Дмитрий гневно прянул на ноги:

– Окстись, брат! Не покойный ли родитель твой и матерь моя единокровными были братом и сестрою? Токмо воспоминая то, отпускаю тя ныне с миром. Но берегись! Не дерзостный язык на плаху вдругорядь ляжет, а голова спесивая!

Теперь смертно побелел зарвавшийся боярин.

– Прости, государь!

– Бог простит, – сурово отмолвил князь и рукой махнул, будто отметая разорванную навеки былую дружбу.

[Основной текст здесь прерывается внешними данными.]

(* Let $p\ge2$. Let $(u_n)\subset L^p(\mathbb{R}^2)$ with $u_n\to u$ a.e. on $\mathbb{R}^2$, where $u\in L^p(\mathbb{R}^2)\setminus\{0\}$. Let $(v_n)$ be bounded in $L^p(\mathbb{R}^2)$ with $\sup_n B_1(|u_n|^p,|v_n|^p)<\infty$. Then there exist $n_0$ and $C>0$ such that $\|v_n\|_*\le C$ for all $n\ge n_0$. Moreover, if $B_1(|u_n|^p,|v_n|^p)\to0$ and $\|v_n\|_{L^p}\to0$, then $\|v_n\|_*\to0$.
   Context: $B_1(f,g):=\int_{\mathbb{R}^2}\int_{\mathbb{R}^2}\log(1+|x-y|)f(x)g(y)\,dx\,dy$ (for nonnegative $f,g$ this is in $[0,\infty]$). $\|v\|_*:=\big(\int_{\mathbb{R}^2}\log(1+|x|)|v|^p\,dx\big)^{1/p}$. *)

From HB Require Import structures.
From mathcomp Require Import all_boot all_order all_algebra.
From mathcomp Require Import all_classical all_reals all_analysis.
Set Implicit Arguments. Unset Strict Implicit. Unset Printing Implicit Defensive.
Import Order.TTheory GRing.Theory Num.Theory.
Import numFieldNormedType.Exports.
Local Open Scope classical_set_scope.
Local Open Scope ring_scope.

(* The plane R^2 is modelled as R * R with the product sigma-algebra. *)
Definition leb2 (R : realType) :=
  (@lebesgue_measure R \x @lebesgue_measure R)%E.
Arguments leb2 : clear implicits.

Definition enorm2 (R : realType) (x : R * R) : R :=
  Num.sqrt (x.1 ^+ 2 + x.2 ^+ 2).

Definition B1 (R : realType) (f g : R * R -> R) : \bar R :=
  (\int[leb2 R]_x \int[leb2 R]_y
     (ln (1 + enorm2 (x.1 - y.1, x.2 - y.2)) * f x * g y)%:E)%E.

Definition powabs (R : realType) (p : R) (v : R * R -> R) : R * R -> R :=
  fun x => `|v x| `^ p.

Definition starnorm (R : realType) (p : R) (v : R * R -> R) : \bar R :=
  ((\int[leb2 R]_x (ln (1 + enorm2 x) * `|v x| `^ p)%:E) `^ p^-1)%E.

Definition inLp (R : realType) (p : R) (v : R * R -> R) : Prop :=
  measurable_fun setT v /\ (\int[leb2 R]_x (`|v x| `^ p)%:E < +oo)%E.

Definition Lpnorm (R : realType) (p : R) (v : R * R -> R) : \bar R :=
  Lnorm (leb2 R) p%:E (EFin \o v).

From HB Require Import structures.
From mathcomp Require Import all_boot all_order all_algebra.
From mathcomp Require Import all_classical all_reals all_analysis.
From mathcomp Require Import ring lra measurable_realfun.
Import Order.TTheory GRing.Theory Num.Theory.
Import numFieldNormedType.Exports.
Local Open Scope classical_set_scope.
Local Open Scope ring_scope.
Set Implicit Arguments. Unset Strict Implicit.

(* Write l(z) = log(1 + |z|).  From 1 + |y| <= (1 + |x - y|)(1 + |x|) we get
   l(y) <= l(x - y) + l(x).  Integrating f(x) g(y) l(y) over E x R^2, where
   f >= δ and l <= L on E, yields the localization inequality
      δ |E| int l g <= B_1(f, g) + δ |E| L int g.
   Since u_n -> u a.e. and u is not a.e. zero, one of the sets
      E_m = {x in [-(m+1), m+1]^2 | |u_n(x)| >= 1/(m+1) for all n >= m}
   has positive (and finite) measure.  Applying the localization on E_m to
   f = |u_n|^p, g = |v_n|^p gives, for n >= m and a constant c > 0,
      int l |v_n|^p <= c (B_1(|u_n|^p, |v_n|^p) + ||v_n||_p^p),
   and ||v_n||_* is the p-th root of the left-hand side.  Both claims follow:
   bounds on the right give a bound on ||v_n||_*, and if the right-hand side
   tends to 0 then so does ||v_n||_*. *)

Section EuclideanPlane.
Variable R : realType.
Implicit Types (x y : R * R) (a b c d : R).

Lemma enorm2_ge0 x : 0 <= enorm2 x.
Proof. exact: sqrtr_ge0. Qed.

Lemma enorm2_sqr x : enorm2 x ^+ 2 = x.1 ^+ 2 + x.2 ^+ 2.
Proof. by rewrite /enorm2 sqr_sqrtr // addr_ge0 // sqr_ge0. Qed.

Lemma cauchy_schwarz2 a b c d : a * c + b * d <= enorm2 (a, b) * enorm2 (c, d).
Proof.
have nab := enorm2_ge0 (a, b); have ncd := enorm2_ge0 (c, d).
have sq : (a * c + b * d) ^+ 2 <= (enorm2 (a, b) * enorm2 (c, d)) ^+ 2.
  by rewrite exprMn !enorm2_sqr /=; have := sqr_ge0 (a * d - b * c); nra.
have : 0 <= enorm2 (a, b) * enorm2 (c, d) by exact: mulr_ge0.
nra.
Qed.

Lemma enorm2_triangle a b c d :
  enorm2 (a + c, b + d) <= enorm2 (a, b) + enorm2 (c, d).
Proof.
have := enorm2_ge0 (a + c, b + d); have := enorm2_ge0 (a, b).
have := enorm2_ge0 (c, d); have := cauchy_schwarz2 a b c d.
have := enorm2_sqr (a + c, b + d); have := enorm2_sqr (a, b).
have := enorm2_sqr (c, d); rewrite /=; nra.
Qed.

Lemma enorm2_square x k : `|x.1| <= k -> `|x.2| <= k -> enorm2 x <= 2 * k.
Proof.
move=> /ler_normlP [? ?] /ler_normlP [? ?].
have := enorm2_ge0 x; have := enorm2_sqr x; nra.
Qed.

Definition logw (z : R * R) : R := ln (1 + enorm2 z).

Lemma logw_ge0 z : 0 <= logw z.
Proof. by apply: ln_ge0; rewrite lerDl enorm2_ge0. Qed.

(* Subadditivity of the weight, from 1 + |y| <= (1 + |x - y|) (1 + |x|). *)
Lemma logw_le_shift x y : logw y <= logw (x.1 - y.1, x.2 - y.2) + logw x.
Proof.
move: x y => [x1 x2] [y1 y2] /=.
have tri : enorm2 (y1, y2) <= enorm2 (x1 - y1, x2 - y2) + enorm2 (x1, x2).
  have -> : enorm2 (x1 - y1, x2 - y2) = enorm2 (y1 - x1, y2 - x2).
    by rewrite /enorm2 /= -sqrrN opprB -[(x2 - y2) ^+ 2]sqrrN opprB.
  by have := enorm2_triangle (y1 - x1) (y2 - x2) x1 x2; rewrite !subrK.
move: tri (enorm2_ge0 (y1, y2)) (enorm2_ge0 (x1, x2)) (enorm2_ge0 (x1 - y1, x2 - y2)).
rewrite /logw; set ny := enorm2 _; set nx := enorm2 _; set nxy := enorm2 _.
move=> tri ny0 nx0 nxy0.
by rewrite -lnM ?ler_ln ?posrE ?mulr_gt0 ?ltr_wpDr //; nra.
Qed.

Lemma measurable_logw_pair (disp : measure_display) (T : measurableType disp)
    (f g : T -> R) :
  measurable_fun setT f -> measurable_fun setT g ->
  measurable_fun setT (fun t => logw (f t, g t)).
Proof.
move=> mf mg; rewrite /logw.
apply: measurableT_comp; first exact: measurable_ln.
apply: measurable_funD; first exact: measurable_cst.
rewrite /enorm2 /=.
apply: measurableT_comp.
  exact: continuous_measurable_fun (@sqrt_continuous R).
by apply: measurable_funD; apply: measurable_funX.
Qed.

End EuclideanPlane.

Section Localization.
Variable R : realType.
Local Notation mu := (leb2 R).
Local Notation T := (measurableTypeR R * measurableTypeR R)%type.

(* Lebesgue measure on the plane is sigma-finite, as required by Tonelli. *)
HB.instance Definition _ := Measure.on mu.

Lemma leb2_sigma_finite : sigma_finite setT mu.
Proof.
have /sigma_finiteP[F [TF ndF Foo]] := sigma_finiteT (@lebesgue_measure R).
exists (fun n => F n `*` F n).
  rewrite -setXTT TF predeqE => -[x y]; split.
    move=> [/= [n _ Fnx] [k _ Fky]]; exists (maxn n k) => //; split.
    - by move: x Fnx; exact/subsetPset/ndF/leq_maxl.
    - by move: y Fky; exact/subsetPset/ndF/leq_maxr.
  by move=> [n _ []/= ? ?]; split; exists n.
move=> k; have [? ?] := Foo k; split; first exact: measurableX.
by rewrite /leb2 product_measure1E // lte_mul_pinfty // ge0_fin_numE.
Qed.

HB.instance Definition _ := Measure_isSigmaFinite.Build _ _ _ mu leb2_sigma_finite.

Definition wmass (g : T -> R) : \bar R := (\int[mu]_y (logw y * g y)%:E)%E.
Definition mass (g : T -> R) : \bar R := (\int[mu]_y (g y)%:E)%E.

Section Densities.
Variables f g : T -> R.
Hypotheses (mf : measurable_fun setT f) (mg : measurable_fun setT g).
Hypotheses (f0 : forall x, 0 <= f x) (g0 : forall y, 0 <= g y).

Let kernel (z : T * T) : \bar R :=
  (logw (z.1.1 - z.2.1, z.1.2 - z.2.2) * f z.1 * g z.2)%:E.

Let kernel_ge0 z : (0 <= kernel z)%E.
Proof. by rewrite lee_fin !mulr_ge0 ?logw_ge0. Qed.

Let measurable_kernel : measurable_fun setT kernel.
Proof.
apply/measurable_EFinP; apply: measurable_funM; last first.
  exact: measurableT_comp mg measurable_snd.
apply: measurable_funM; last exact: measurableT_comp mf measurable_fst.
by apply: measurable_logw_pair; apply: measurable_funB;
  apply: measurableT_comp; exact: measurable_fst || exact: measurable_snd.
Qed.

Let measurable_wdensity : measurable_fun setT (fun y => (logw y * g y)%:E).
Proof.
apply/measurable_EFinP; apply: measurable_funM => //.
exact: measurable_logw_pair measurable_fst measurable_snd.
Qed.

Lemma fiber_localization x (δ L : R) : 0 <= δ -> 0 <= L ->
  δ <= f x -> logw x <= L ->
  (δ%:E * wmass g <= \int[mu]_y kernel (x, y) + (δ * L)%:E * mass g)%E.
Proof.
move=> δ0 L0 δf Lx.
have mgE : measurable_fun setT (fun y => (g y)%:E) by exact/measurable_EFinP.
have gE0 (y : T) : setT y -> (0 <= (g y)%:E)%E by rewrite lee_fin.
have wgE0 (y : T) : setT y -> (0 <= (logw y * g y)%:E)%E.
  by rewrite lee_fin mulr_ge0 ?logw_ge0.
rewrite /wmass /mass -(ge0_integralZl_EFin _ _ wgE0 measurable_wdensity δ0) //.
rewrite -(ge0_integralZl_EFin _ _ gE0 mgE (mulr_ge0 δ0 L0)) //.
have mkx : measurable_fun setT (fun y => kernel (x, y)).
  exact: measurable_fun_pair2 measurable_kernel.
have mdgE := measurable_funeM (δ * L)%:E mgE.
rewrite -(ge0_integralD _ _ (fun y _ => kernel_ge0 (x, y)) mkx _ mdgE) //; last first.
  by move=> y _; rewrite lee_fin !mulr_ge0.
apply: ge0_le_integral => //.
- by move=> y _; rewrite lee_fin !mulr_ge0 ?logw_ge0.
- exact: measurable_funeM.
- exact: emeasurable_funD.
move=> y _; rewrite /kernel /= -EFinD lee_fin.
have shift := logw_le_shift x y.
set lxy := logw (x.1 - y.1, x.2 - y.2) in shift *.
have lxy0 : 0 <= lxy by exact: logw_ge0.
have wy : logw y * g y <= (lxy + L) * g y by apply: ler_wpM2r => //; lra.
have fx : δ * lxy * g y <= f x * lxy * g y by rewrite !ler_wpM2r.
nra.
Qed.

Lemma localization (E : set T) (δ L : R) : measurable E -> 0 <= δ -> 0 <= L ->
  (forall x, E x -> δ <= f x /\ logw x <= L) ->
  ((δ%:E * mu E) * wmass g <= B1 f g + (δ%:E * mu E) * (L%:E * mass g))%E.
Proof.
move=> mE δ0 L0 hE.
pose I x := (\int[mu]_y kernel (x, y))%E.
have mI : measurable_fun setT I by exact: measurable_fun_fubini_tonelli_F.
have I0 x : (0 <= I x)%E by exact: integral_ge0.
have c0 : (0 <= (δ * L)%:E * mass g)%E.
  by rewrite mule_ge0 ?lee_fin ?mulr_ge0 // integral_ge0 // => y _; rewrite lee_fin.
rewrite muleAC [X in (_ <= _ + X)%E]muleAC muleA -EFinM -!integral_cst //.
apply: (@le_trans _ _ (\int[mu]_(x in E) (I x + (δ * L)%:E * mass g))%E).
  apply: ge0_le_integral => //.
  - by move=> x _; rewrite mule_ge0 ?lee_fin // integral_ge0 // => y _;
      rewrite lee_fin mulr_ge0 ?logw_ge0.
  - by apply: emeasurable_funD; [exact: measurable_funS mI | exact: measurable_cst].
  by move=> x /hE[]; exact: fiber_localization.
rewrite ge0_integralD //; last exact: measurable_funS mI.
by rewrite leeD2r // ge0_subset_integral.
Qed.

End Densities.
End Localization.

Section NondegenerateSet.
Variable R : realType.
Local Notation mu := (leb2 R).
Local Notation T := (measurableTypeR R * measurableTypeR R)%type.

Lemma measurable_ge_set (F : T -> R) (a : R) :
  measurable_fun setT F -> measurable [set x | a <= F x].
Proof.
by move=> mF; rewrite -preimage_itvcy -[_ @^-1` _]setTI; apply: mF.
Qed.

Lemma measurable_le_set (F : T -> R) (a : R) :
  measurable_fun setT F -> measurable [set x | F x <= a].
Proof.
by move=> mF; rewrite -preimage_itvNyc -[_ @^-1` _]setTI; apply: mF.
Qed.

Definition square (k : R) : set T := [set x | `|x.1| <= k] `&` [set x | `|x.2| <= k].

Lemma measurable_square k : measurable (square k).
Proof.
by apply: measurableI; apply: measurable_le_set; apply: measurableT_comp.
Qed.

Lemma square_finite k : (mu (square k) < +oo)%E.
Proof.
pose I : set (measurableTypeR R) := [set` `[- k, k]].
have mI : measurable I by exact: measurable_itv.
have Ifin : (@lebesgue_measure R I < +oo)%E.
  by rewrite lebesgue_measure_itv /=; case: ifP => // _; rewrite -EFinB ltry.
apply: (@le_lt_trans _ _ (mu (I `*` I))).
  apply: le_measure; rewrite ?inE; [exact: measurable_square | exact: measurableX |].
  by move=> x [h1 h2]; split; rewrite /I /= in_itv /= -ler_norml.
by rewrite /leb2 product_measure1E // lte_mul_pinfty // ge0_fin_numE.
Qed.

Variable u_ : nat -> T -> R.
Hypothesis mu_ : forall n, measurable_fun setT (u_ n).

(* E_m: the points of the square [-(m+1), m+1]^2 at which |u_n| >= 1/(m+1)
   for every n >= m.  On E_m, |u_n|^p is bounded below uniformly in n >= m. *)
Definition nondeg_set (m : nat) : set T :=
  square m.+1%:R `&` \bigcap_i [set x | (m.+1%:R)^-1 <= `|u_ (i + m)%N x|].

Lemma measurable_nondeg_set m : measurable (nondeg_set m).
Proof.
apply: measurableI; first exact: measurable_square.
by apply: bigcapT_measurable => i; apply: measurable_ge_set; exact: measurableT_comp.
Qed.

Lemma nondeg_set_finite m : (mu (nondeg_set m) < +oo)%E.
Proof.
apply: le_lt_trans (square_finite m.+1%:R).
apply: le_measure; rewrite ?inE; first exact: measurable_nondeg_set.
  exact: measurable_square.
by move=> x [].
Qed.

Lemma in_some_nondeg_set (u : T -> R) x :
  (fun n => u_ n x) @ \oo --> u x -> u x != 0 -> exists m, nondeg_set m x.
Proof.
move=> ux ux0; set a := `|u x|; have a0 : 0 < a by rewrite normr_gt0.
have [N _ hN] := (cvgrPdist_le _ _).1 ux (a / 2) (divr_gt0 a0 (ltr0n _ 2)).
pose m := maxn N
  (maxn (Num.truncn `|x.1|) (maxn (Num.truncn `|x.2|) (Num.truncn (2 / a)))).
have le_m (r : R) : 0 <= r -> (Num.truncn r <= m)%N -> r <= m.+1%:R.
  move=> r0 rm; apply/ltW; apply: (lt_le_trans (truncnS_gt r)).
  by rewrite ler_nat ltnS.
exists m; split; first split.
- by apply: le_m => //; rewrite /m !leq_max leqnn !orbT.
- by apply: le_m => //; rewrite /m !leq_max leqnn !orbT.
move=> i _ /=.
have /hN : (N <= i + m)%N by rewrite (leq_trans _ (leq_addl i m)) // leq_max leqnn.
have := lerB_dist (u x) (u_ (i + m)%N x); rewrite -/a /= => hd hi.
have a2 : 2 / a <= m.+1%:R.
  by apply: le_m; rewrite ?divr_ge0 ?ltW // /m !leq_max leqnn !orbT.
have half : a / 2 <= `|u_ (i + m)%N x| by lra.
apply: le_trans half.
by rewrite -[a / 2]invrK lef_pV2 ?posrE ?invr_gt0 ?divr_gt0 ?ltr0n // invf_div.
Qed.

Как вода на Москве-реке, покойно и неприметно текут над белокаменным Кремником осенние дни. Неприметно и Покров подошел, досыти натешив княжьих дружинников на веселых московских свадьбах. Приобвыклись новгородцы на новом месте и не равняют боле: куда, мол, Кремнику супротив новгородского Детинца али Спасу на Бору супротив Святой Софии! Свое здеся все, родное, русское.

Как и в Новгороде, сожидают у храма доброхотного подаяния юроды, калеки да нищие. Не скупится Дмитрий, раздает Христа ради милостыню убогим. Лезут в тугие калиты и бояре, отстоявшие со князем вечерню у Спаса на Бору. Серебрятся на морозном воздухе полушки, яко первый снег на белых ступенях. Мир и спокой над православным людством. И пускай кривою татарскою саблей занесен над соборною главою заиндевевший месяц. Пото и одевают на Руси храмы в золотые воинские шеломы!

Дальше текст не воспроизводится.